According to standard archaeological practice, anything older than 50 years old is an artifact. This means that all comic books from before 1971 can rightly be considered as artifacts, especially if they are buried at a historical site. Since comic books began their rise in popularity in the mid 1930s, they have been an important art form. Judging by the recent popularity of films which are based on comic book characters originally introduced between 1938 (Superman) and 1963 (X-Men), comic books have been deeply influential in American and global culture. Treating old comic books as artifacts will help us to figure out how these cultural icons rose to such prominence.
The villains in our archaeological story are those forces of nature which are destructive to comic books: Water, sunlight, heat, insects, rodents, and mold are all dreaded enemies to comic book collectors and archaeologists alike. The job of archaeologists is to rescue what's left of old comic books from these archenemies. The more artifacts we save, the more deeply we can understand our own history. Indeed, much more than just the history of comic books themselves will be illuminated by such research. By accurately determining when a site was occupied and who occupied it, the archaeology of comic books will be increasingly important in our analysis of many historical sites.

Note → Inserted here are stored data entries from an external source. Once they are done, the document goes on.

(* Let $n\geqslant 2$ and $\alpha\in\mathbf{I}\mathbb{N}_{\infty}^n$. Then there exist a unique element $\sigma_\alpha$ of the group of units $H(\mathbb{I})$ and unique idempotents $\varepsilon_{l(\alpha)},\varepsilon_{r(\alpha)}$ of $\mathbf{I}\mathbb{N}_{\infty}^n$ such that $\alpha=\sigma_\alpha\varepsilon_{l(\alpha)}=\varepsilon_{r(\alpha)}\sigma_\alpha$.
   Context: $\mathbb{N}=\{1,2,3,\ldots\}$, $n\geqslant 2$, and $\mathbb{N}^n$ carries the Euclidean metric $d$. A partial isometry of $\mathbb{N}^n$ is an injective partial map $\alpha\colon\mathbb{N}^n\rightharpoonup\mathbb{N}^n$ with $d((\mathbf{x})\alpha,(\mathbf{y})\alpha)=d(\mathbf{x},\mathbf{y})$ for all $\mathbf{x},\mathbf{y}\in\operatorname{dom}\alpha$; it is cofinite if $\mathbb{N}^n\setminus\operatorname{dom}\alpha$ and $\mathbb{N}^n\setminus\operatorname{ran}\alpha$ are finite. $\mathbf{I}\mathbb{N}_{\infty}^n$ is the monoid of all partial cofinite isometries of $\mathbb{N}^n$ under composition of partial maps written on the right: $\mathbf{x}(\alpha\beta)=(\mathbf{x}\alpha)\beta$ with $\operatorname{dom}(\alpha\beta)=\{\mathbf{x}\in\operatorname{dom}\alpha\colon \mathbf{x}\alpha\in\operatorname{dom}\beta\}$. Its identity is the identity map $\mathbb{I}$ of $\mathbb{N}^n$ and $H(\mathbb{I})$ is its group of units. *)

From HB Require Import structures.
From mathcomp Require Import all_boot all_order all_algebra.
Set Implicit Arguments. Unset Strict Implicit. Unset Printing Implicit Defensive.
Import Order.TTheory GRing.Theory Num.Theory.

Definition Nn (n : nat) := {x : {ffun 'I_n -> nat} | [forall i, 0 < x i]}.

(* Squared Euclidean distance; d(x,y) = sqrt (dist2 x y), so d is preserved
   iff dist2 is preserved. *)
Definition dist2 (n : nat) (x y : Nn n) : int :=
  (\sum_(i < n) (((val x) i)%:Z - ((val y) i)%:Z) ^+ 2)%R.

Definition ppmap (n : nat) := Nn n -> option (Nn n).

(* Composition written on the right: x (a b) = (x a) b. *)
Definition pmul (n : nat) (a b : ppmap n) : ppmap n :=
  fun x => obind b (a x).

Definition pid {n : nat} : ppmap n := fun x => Some x.

Definition pinjective (n : nat) (a : ppmap n) : Prop :=
  forall x y z, a x = Some z -> a y = Some z -> x = y.

Definition pisometry (n : nat) (a : ppmap n) : Prop :=
  forall x y x' y', a x = Some x' -> a y = Some y' -> dist2 x' y' = dist2 x y.

Definition pcofinite (n : nat) (a : ppmap n) : Prop :=
  (exists s : seq (Nn n), forall x, a x = None -> x \in s) /\
  (exists s : seq (Nn n), forall y, (~ exists x, a x = Some y) -> y \in s).

Definition INinf (n : nat) (a : ppmap n) : Prop :=
  pinjective a /\ pisometry a /\ pcofinite a.

Definition unitH (n : nat) (s : ppmap n) : Prop :=
  INinf s /\ exists t, INinf t /\ pmul s t = (@pid n) /\ pmul t s = (@pid n).

Definition idemp (n : nat) (e : ppmap n) : Prop :=
  INinf e /\ pmul e e = e.

From HB Require Import structures.
From mathcomp Require Import all_boot all_order all_algebra all_fingroup.
From mathcomp Require Import zify ring.
From Stdlib Require Import FunctionalExtensionality Classical.

Set Implicit Arguments. Unset Strict Implicit. Unset Printing Implicit Defensive.
Import Order.TTheory GRing.Theory Num.Theory.

(* Rigidity: a partial isometry f of N^n preserves the inner products of
   differences, so testing it on a point z and its neighbours z + e_j shows
   that on its domain f is affine, y_(pi j) = sg_j x_j + c_j, with pi injective
   and sg_j = +-1.  If dom f and ran f are cofinite they contain every point
   with one huge coordinate; as all coordinates are positive this forces
   sg_j = 1 and c_j = 0 (the other coordinate of the test points is where
   n >= 2 is used: for n = 1 the shift x |-> x + 1 is a counterexample).
   So every element of IN_oo^n is the restriction of a coordinate permutation
   sigma.  Units are exactly the total such maps and idempotents are partial
   identities, whence alpha = sigma id_(ran alpha) = id_(dom alpha) sigma.
   A permutation is determined by its values on the cofinite set dom alpha,
   which gives uniqueness of sigma, and the idempotents are then unique by
   cancelling the unit sigma. *)

Section CofiniteIsometries.
Variable n : nat.
Implicit Types (x y z : Nn n) (f s e : ppmap n) (p : {perm 'I_n}).
Local Open Scope ring_scope.

Definition coord x (i : 'I_n) : int := (val x i)%:Z.

Lemma val_gt0 x i : (0 < val x i)%N.
Proof. by case: x => x /= /forallP. Qed.

Lemma coord_gt0 x i : 0 < coord x i.
Proof. by rewrite ltz_nat val_gt0. Qed.

Lemma Nn_ext x y : (forall i, val x i = val y i) -> x = y.
Proof. by move=> h; apply: val_inj; apply/ffunP => i; apply: h. Qed.

Lemma Npt_subproof (v : 'I_n -> nat) : [forall i, 0 < [ffun i => (v i).+1] i]%N.
Proof. by apply/forallP => i; rewrite ffunE. Qed.

Definition Npt (v : 'I_n -> nat) : Nn n := Sub [ffun i => (v i).+1] (Npt_subproof v).

Lemma val_Npt v i : val (Npt v) i = (v i).+1.
Proof. by rewrite /= ffunE. Qed.

Lemma coord_Npt v i : coord (Npt v) i = (v i).+1%:Z.
Proof. by rewrite /coord val_Npt. Qed.

Lemma permute_subproof p x : [forall k, 0 < [ffun k => val x ((p^-1)%g k)] k]%N.
Proof. by apply/forallP => k; rewrite ffunE val_gt0. Qed.

Definition permute p x : Nn n := Sub [ffun k => val x ((p^-1)%g k)] (permute_subproof p x).

Lemma val_permute p x k : val (permute p x) k = val x ((p^-1)%g k).
Proof. by rewrite /= ffunE. Qed.

Lemma permuteK p : cancel (permute p) (permute (p^-1)%g).
Proof. by move=> x; apply: Nn_ext => k; rewrite !val_permute invgK permK. Qed.

Lemma permuteKV p : cancel (permute (p^-1)%g) (permute p).
Proof. by move=> x; apply: Nn_ext => k; rewrite !val_permute invgK permKV. Qed.

Lemma dist2_permute p x y : dist2 (permute p x) (permute p y) = dist2 x y.
Proof.
rewrite /dist2 [RHS](reindex_inj (@perm_inj _ (p^-1)%g)) /=.
by apply: eq_bigr => k _; rewrite !val_permute.
Qed.

Lemma exists_neq : (2 <= n)%N -> forall j : 'I_n, exists k : 'I_n, k != j.
Proof.
move=> hn j; pose i0 : 'I_n := Ordinal (ltnW hn); pose i1 : 'I_n := Ordinal hn.
by case: (eqVneq j i0) => [-> | hj]; [exists i1; rewrite eq_sym | exists i0; rewrite eq_sym].
Qed.

Definition far (B : nat) x := exists i, (B < val x i)%N.

Lemma far_notin (L : seq (Nn n)) : exists B, forall x, far B x -> x \notin L.
Proof.
exists (\max_(y <- L) \max_i val y i)%N => x [i hi]; apply/negP => xL.
have : (val x i <= \max_(y <- L) \max_i val y i)%N.
  apply: (leq_trans (@leq_bigmax _ (fun k => val x k) i)).
  exact: (@leq_bigmax_seq _ L xpredT (fun y => \max_k val y k)%N x xL isT).
by rewrite leqNgt hi.
Qed.

Lemma pcofinite_far f : pcofinite f -> exists B,
  (forall x, far B x -> exists y, f x = Some y) /\
  (forall y, far B y -> exists x, f x = Some y).
Proof.
move=> [[Ld hd] [Lr hr]]; have [B hB] := far_notin (Ld ++ Lr).
exists B; split.
  move=> x /hB; rewrite mem_cat negb_or => /andP[xLd _].
  by case e: (f x) => [y|]; [exists y | move: xLd; rewrite hd].
move=> y /hB; rewrite mem_cat negb_or => /andP[_ yLr].
by apply: NNPP => h; move: yLr; rewrite hr.
Qed.

Lemma permute_far_inj (B : nat) p p' :
  (forall x, far B x -> permute p x = permute p' x) -> p = p'.
Proof.
move=> h; apply/permP => j.
pose x := Npt (fun i => B + (i == j))%N.
have /h /(congr1 (fun y => val y (p j))) : far B x by exists j; rewrite val_Npt eqxx; lia.
rewrite !val_permute permK !val_Npt eqxx.
case: eqP => [hj | _] /=; last lia.
by move=> _; rewrite -{2}hj permKV.
Qed.

Lemma pisometry_dot f x y z x' y' z' : pisometry f ->
  f x = Some x' -> f y = Some y' -> f z = Some z' ->
  \sum_i (coord x' i - coord z' i) * (coord y' i - coord z' i) =
  \sum_i (coord x i - coord z i) * (coord y i - coord z i).
Proof.
move=> hf hx hy hz.
have polar a b c : 2 * \sum_i (coord a i - coord c i) * (coord b i - coord c i)
    = dist2 a c + dist2 b c - dist2 a b.
  rewrite /dist2 mulr_sumr -big_split /= -sumrB.
  by apply: eq_bigr => i _; rewrite /coord; ring.
apply: (@mulfI _ 2) => //.
by rewrite !polar (hf _ _ _ _ hx hz) (hf _ _ _ _ hy hz) (hf _ _ _ _ hx hy).
Qed.

Lemma sum_sqr_int_eq1 (u : 'I_n -> int) : \sum_i u i ^+ 2 = 1 ->
  exists k, (u k = 1 \/ u k = -1) /\ forall i, i != k -> u i = 0.
Proof.
move=> hs.
have [k hk] : exists k, u k != 0.
  apply: NNPP => hu0; suff : \sum_i u i ^+ 2 = 0 by rewrite hs.
  apply: big1 => i _; apply/eqP; rewrite sqrf_eq0.
  by apply/negPn/negP => hi; apply: hu0; exists i.
exists k; move: hs; rewrite (bigD1 k) //=.
have : 1 <= u k ^+ 2 by rewrite expr2; move: (u k) hk => a; nia.
have : 0 <= \sum_(i | i != k) u i ^+ 2 by apply: sumr_ge0 => i _; apply: sqr_ge0.
set r := \sum_(i | i != k) _ => r_ge0 uk_ge1 hs.
have r0 : r == 0 by lia.
have : u k ^+ 2 == 1 by lia.
rewrite sqrf_eq1 => uk; split; first by case/orP: uk => /eqP; [left | right].
move=> i hi; move: r0; rewrite /r psumr_eq0 => [|j _]; last exact: sqr_ge0.
by move/allP/(_ i (mem_index_enum i)); rewrite hi sqrf_eq0 => /eqP.
Qed.

Lemma orthonormal_signed_perm (u : 'I_n -> 'I_n -> int) :
  (forall j l, \sum_i u j i * u l i = (j == l)%:Z) ->
  exists pi, injective pi /\ forall j,
    (u j (pi j) = 1 \/ u j (pi j) = -1) /\ forall i, i != pi j -> u j i = 0.
Proof.
move=> hu.
have /fin_all_exists[pi hpi] : forall j, exists k,
    (u j k = 1 \/ u j k = -1) /\ forall i, i != k -> u j i = 0.
  move=> j; apply: sum_sqr_int_eq1; have := hu j j; rewrite eqxx => h1; rewrite -[RHS]h1.
  by apply: eq_bigr => i _; rewrite expr2.
exists pi; split=> // j l pijl; apply/eqP; have := hu j l.
rewrite (bigD1 (pi j)) //= big1 => [|i hi]; last by rewrite ((hpi j).2 i hi) mul0r.
rewrite addr0 {2}pijl; case: (j == l) => //.
by case: (hpi j).1 => ->; case: (hpi l).1 => ->.
Qed.

Lemma pisometry_affine f (v : 'I_n -> nat) : pisometry f ->
  (exists fz, f (Npt v) = Some fz) ->
  (forall j, exists y, f (Npt (fun i => v i + (i == j))%N) = Some y) ->
  exists pi sg (c : 'I_n -> int),
    [/\ injective pi, forall j, sg j = 1 \/ sg j = -1 &
        forall x y, f x = Some y -> forall j, coord y (pi j) = sg j * coord x j + c j].
Proof.
move=> hf [fz hfz] /fin_all_exists[fe hfe].
have dze j i : coord (Npt (fun i => v i + (i == j))%N) i - coord (Npt v) i = (i == j)%:Z.
  by rewrite !coord_Npt; case: (i == j) => /=; lia.
pose u j i := coord (fe j) i - coord fz i.
have dot_u x y j : f x = Some y ->
    \sum_i (coord y i - coord fz i) * u j i = coord x j - coord (Npt v) j.
  move=> hxy; rewrite (pisometry_dot hf hxy (hfe j) hfz).
  under eq_bigr => i _ do rewrite dze.
  rewrite (bigD1 j) //= big1 => [|i hij]; first by rewrite eqxx mulr1 addr0.
  by rewrite (negbTE hij) mulr0.
have u_orth j l : \sum_i u j i * u l i = (j == l)%:Z.
  by apply: etrans (dot_u _ _ l (hfe j)) _; rewrite dze eq_sym.
have [pi [pi_inj hpi]] := orthonormal_signed_perm u_orth.
exists pi, (fun j => u j (pi j)), (fun j => coord fz (pi j) - u j (pi j) * coord (Npt v) j).
split=> // [j | x y hxy j]; first exact: (hpi j).1.
have := dot_u _ _ j hxy.
rewrite (bigD1 (pi j)) //= big1 => [|i hi]; last by rewrite ((hpi j).2 i hi) mulr0.
by case: (hpi j).1 => ->; lia.
Qed.

Lemma affine_cofinite_translation (B : nat) f pi sg (c : 'I_n -> int) :
  (2 <= n)%N -> (forall j, sg j = 1 \/ sg j = -1) ->
  (forall x y, f x = Some y -> forall j, coord y (pi j) = sg j * coord x j + c j) ->
  (forall x, far B x -> exists y, f x = Some y) ->
  (forall y, far B y -> exists x, f x = Some y) ->
  forall j, sg j = 1 /\ c j = 0.
Proof.
move=> hn hsg hf dom ran j.
have sg1 : sg j = 1.
  case: (hsg j) => // sgN; pose x := Npt (fun _ => B + absz (c j))%N.
  have [y hy] : exists y, f x = Some y by apply: dom; exists j; rewrite val_Npt; lia.
  by have := hf _ _ hy j; rewrite sgN coord_Npt; have := coord_gt0 y (pi j); lia.
split=> //; apply/eqP; rewrite eq_le; apply/andP; split.
  have [k hk] := exists_neq hn (pi j).
  pose y := Npt (fun i => if i == pi j then 0%N else B).
  have [x hx] : exists x, f x = Some y by apply: ran; exists k; rewrite val_Npt (negbTE hk).
  by have := hf _ _ hx j; rewrite sg1 coord_Npt eqxx; have := coord_gt0 x j; lia.
have [k hk] := exists_neq hn j.
pose x := Npt (fun i => if i == j then 0%N else B).
have [y hy] : exists y, f x = Some y by apply: dom; exists k; rewrite val_Npt (negbTE hk).
by have := hf _ _ hy j; rewrite sg1 coord_Npt eqxx; have := coord_gt0 y (pi j); lia.
Qed.

Lemma pisometry_cofinite_permute f : (2 <= n)%N -> pisometry f -> pcofinite f ->
  exists p, forall x y, f x = Some y -> y = permute p x.
Proof.
move=> hn hf /pcofinite_far[B [dom ran]].
have farB (w : 'I_n -> nat) : (forall i, B <= w i)%N -> far B (Npt w).
  by move=> hw; exists (Ordinal (ltnW hn)); rewrite val_Npt ltnS hw.
have [pi [sg [c [pi_inj hsg hf_aff]]]] :=
  pisometry_affine hf (dom _ (farB _ (fun=> leqnn B))) (fun j => dom _ (farB _ (fun i => leq_addr _ _))).
have /all_and2[sg1 c0] := affine_cofinite_translation hn hsg hf_aff dom ran.
exists (perm pi_inj) => x y hxy; apply: Nn_ext => k.
rewrite val_permute -{1}(permKV (perm pi_inj) k) permE.
by have := hf_aff _ _ hxy ((perm pi_inj)^-1 k)%g; rewrite sg1 c0 mul1r addr0 => -[].
Qed.

Lemma pmulA f g h : pmul f (pmul g h) = pmul (pmul f g) h.
Proof. by apply: functional_extensionality => x; rewrite /pmul; case: (f x). Qed.

Lemma pid_pmul f : pmul pid f = f.
Proof. by []. Qed.

Lemma pmul_pid f : pmul f pid = f.
Proof. by apply: functional_extensionality => x; rewrite /pmul; case: (f x). Qed.

Lemma unitH_pmulI s : unitH s -> injective (pmul s).
Proof.
move=> [_ [t [_ [_ hts]]]] e e' h.
by rewrite -[e]pid_pmul -[e']pid_pmul -hts -!pmulA h.
Qed.

Lemma unitH_pmulIr s : unitH s -> injective (fun e => pmul e s).
Proof.
move=> [_ [t [_ [hst _]]]] e e' h.
by rewrite -[e]pmul_pid -[e']pmul_pid -hst !pmulA h.
Qed.

Definition pperm p : ppmap n := fun x => Some (permute p x).
Lemma pw_gt0 x a : 0 < x -> 0 < pw x a.
Proof. intros Hx. rewrite pw_pos by exact Hx. apply exp_pos. Qed.

Lemma pw_1 x : 0 <= x -> pw x 1 = x.
Proof.
  intros Hx. destruct (Req_EM_T x 0) as [->|Hne]; [apply pw_0|].
  rewrite pw_pos by lra. apply Rpower_1; lra.
Qed.

Lemma pw_plus x a b : pw x (a + b) = pw x a * pw x b.
Proof. unfold pw. destruct (Req_EM_T x 0); [ring | apply Rpower_plus]. Qed.

Lemma pw_pw x a b : 0 <= x -> pw (pw x a) b = pw x (a * b).
Proof.
  intros Hx. destruct (Req_EM_T x 0) as [->|Hne]; [now rewrite !pw_0|].
  rewrite (pw_pos x a), pw_pos, pw_pos by (try apply exp_pos; lra).
  apply Rpower_mult.
Qed.

Lemma pw_pw_inv x a : 0 <= x -> a <> 0 -> pw (pw x a) (1 / a) = x.
Proof.
  intros Hx Ha. rewrite pw_pw by exact Hx.
  replace (a * (1 / a)) with 1 by (field; exact Ha). now apply pw_1.
Qed.

Lemma pw_mult x y a : 0 <= x -> 0 <= y -> pw (x * y) a = pw x a * pw y a.
Proof.
  intros Hx Hy.
  destruct (Req_EM_T x 0) as [->|Hx0]; [rewrite Rmult_0_l, !pw_0; ring|].
  destruct (Req_EM_T y 0) as [->|Hy0]; [rewrite Rmult_0_r, !pw_0; ring|].
  rewrite !pw_pos by nra. symmetry; apply Rpower_mult_distr; lra.
Qed.

Lemma pw_inv x a : 0 < x -> pw (/ x) a = / pw x a.
Proof.
  intros Hx. rewrite !pw_pos by (try apply Rinv_0_lt_compat; exact Hx).
  unfold Rpower. rewrite ln_Rinv, <- exp_Ropp by exact Hx. f_equal; ring.
Qed.

Lemma pw_div x y a : 0 < x -> 0 <= y -> / pw x a * pw y a = pw (y / x) a.
Proof.
  intros Hx Hy. unfold Rdiv.
  rewrite pw_mult, pw_inv by (auto; left; now apply Rinv_0_lt_compat). ring.
Qed.

Lemma pw_lt x y a : 0 < a -> 0 <= x < y -> pw x a < pw y a.
Proof.
  intros Ha Hxy. destruct (Req_EM_T x 0) as [->|Hx0].
  - rewrite pw_0. apply pw_gt0; lra.
  - rewrite !pw_pos by lra. apply Rlt_Rpower_l; lra.
Qed.

Lemma pw_le x y a : 0 < a -> 0 <= x <= y -> pw x a <= pw y a.
Proof.
  intros Ha Hxy. destruct (Req_EM_T x y) as [->|Hne]; [lra|].
  left; apply pw_lt; lra.
Qed.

Anthropologists, historians, and many other social scientists have a deep interest in comic books. We have written well over 100,000 peer-reviewed journal articles on the subject. Thus, as time moves forward, tiny scraps of old comic book collections will play a leading role in the story we write about the past. Truly, even the most humble shred of an old comic book may provide powerful insight into who was at a site, and when.
So, I encourage you to indulge in your favorite comic books. Buy them, read them, collect them, and preserve them. If anyone teases you, just tell them that you're doing research on the history and archaeology of popular art. And while you're at it, explain to them how radiometric dating techniques are just the sidekicks of diagnostic artifacts.